(Collected data)
•••

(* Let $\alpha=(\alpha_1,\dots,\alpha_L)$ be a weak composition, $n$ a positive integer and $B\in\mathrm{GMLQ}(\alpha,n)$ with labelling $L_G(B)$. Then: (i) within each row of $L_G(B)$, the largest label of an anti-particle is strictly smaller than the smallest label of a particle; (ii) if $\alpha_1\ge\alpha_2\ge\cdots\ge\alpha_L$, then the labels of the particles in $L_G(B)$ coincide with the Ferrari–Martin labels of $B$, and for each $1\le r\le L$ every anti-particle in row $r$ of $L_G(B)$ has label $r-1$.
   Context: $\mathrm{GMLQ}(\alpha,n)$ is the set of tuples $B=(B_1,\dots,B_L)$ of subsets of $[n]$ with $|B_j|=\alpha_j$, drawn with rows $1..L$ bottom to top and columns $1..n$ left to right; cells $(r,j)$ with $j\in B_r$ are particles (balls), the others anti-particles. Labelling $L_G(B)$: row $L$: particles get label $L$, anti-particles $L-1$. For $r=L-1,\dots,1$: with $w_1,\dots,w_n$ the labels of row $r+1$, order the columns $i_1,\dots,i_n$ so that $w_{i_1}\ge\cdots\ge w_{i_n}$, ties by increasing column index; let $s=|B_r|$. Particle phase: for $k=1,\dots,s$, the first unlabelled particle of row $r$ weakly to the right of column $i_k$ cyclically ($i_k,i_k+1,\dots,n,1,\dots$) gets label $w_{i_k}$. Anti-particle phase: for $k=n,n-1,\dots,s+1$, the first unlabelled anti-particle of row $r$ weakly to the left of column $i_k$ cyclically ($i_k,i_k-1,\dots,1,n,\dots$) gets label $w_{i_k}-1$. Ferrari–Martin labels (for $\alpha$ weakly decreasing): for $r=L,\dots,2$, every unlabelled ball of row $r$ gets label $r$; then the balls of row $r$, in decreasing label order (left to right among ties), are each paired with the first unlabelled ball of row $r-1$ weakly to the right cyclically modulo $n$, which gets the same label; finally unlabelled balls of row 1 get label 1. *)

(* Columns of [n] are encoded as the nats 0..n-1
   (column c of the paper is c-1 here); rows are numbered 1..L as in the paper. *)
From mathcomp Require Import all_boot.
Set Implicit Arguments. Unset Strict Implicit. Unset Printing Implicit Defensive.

•••

What needs to be done. Return every line above exactly.

Answer to the exercise.
(* Let $\alpha=(\alpha_1,\dots,\alpha_L)$ be a weak composition, $n$ a positive integer and $B\in\mathrm{GMLQ}(\alpha,n)$ with labelling $L_G(B)$. Then: (i) within each row of $L_G(B)$, the largest label of an anti-particle is strictly smaller than the smallest label of a particle; (ii) if $\alpha_1\ge\alpha_2\ge\cdots\ge\alpha_L$, then the labels of the particles in $L_G(B)$ coincide with the Ferrari–Martin labels of $B$, and for each $1\le r\le L$ every anti-particle in row $r$ of $L_G(B)$ has label $r-1$.
   Context: $\mathrm{GMLQ}(\alpha,n)$ is the set of tuples $B=(B_1,\dots,B_L)$ of subsets of $[n]$ with $|B_j|=\alpha_j$, drawn with rows $1..L$ bottom to top and columns $1..n$ left to right; cells $(r,j)$ with $j\in B_r$ are particles (balls), the others anti-particles. Labelling $L_G(B)$: row $L$: particles get label $L$, anti-particles $L-1$. For $r=L-1,\dots,1$: with $w_1,\dots,w_n$ the labels of row $r+1$, order the columns $i_1,\dots,i_n$ so that $w_{i_1}\ge\cdots\ge w_{i_n}$, ties by increasing column index; let $s=|B_r|$. Particle phase: for $k=1,\dots,s$, the first unlabelled particle of row $r$ weakly to the right of column $i_k$ cyclically ($i_k,i_k+1,\dots,n,1,\dots$) gets label $w_{i_k}$. Anti-particle phase: for $k=n,n-1,\dots,s+1$, the first unlabelled anti-particle of row $r$ weakly to the left of column $i_k$ cyclically ($i_k,i_k-1,\dots,1,n,\dots$) gets label $w_{i_k}-1$. Ferrari–Martin labels (for $\alpha$ weakly decreasing): for $r=L,\dots,2$, every unlabelled ball of row $r$ gets label $r$; then the balls of row $r$, in decreasing label order (left to right among ties), are each paired with the first unlabelled ball of row $r-1$ weakly to the right cyclically modulo $n$, which gets the same label; finally unlabelled balls of row 1 get label 1. *)

(* Columns of [n] are encoded as the nats 0..n-1
   (column c of the paper is c-1 here); rows are numbered 1..L as in the paper. *)
From mathcomp Require Import all_boot.
Set Implicit Arguments. Unset Strict Implicit. Unset Printing Implicit Defensive.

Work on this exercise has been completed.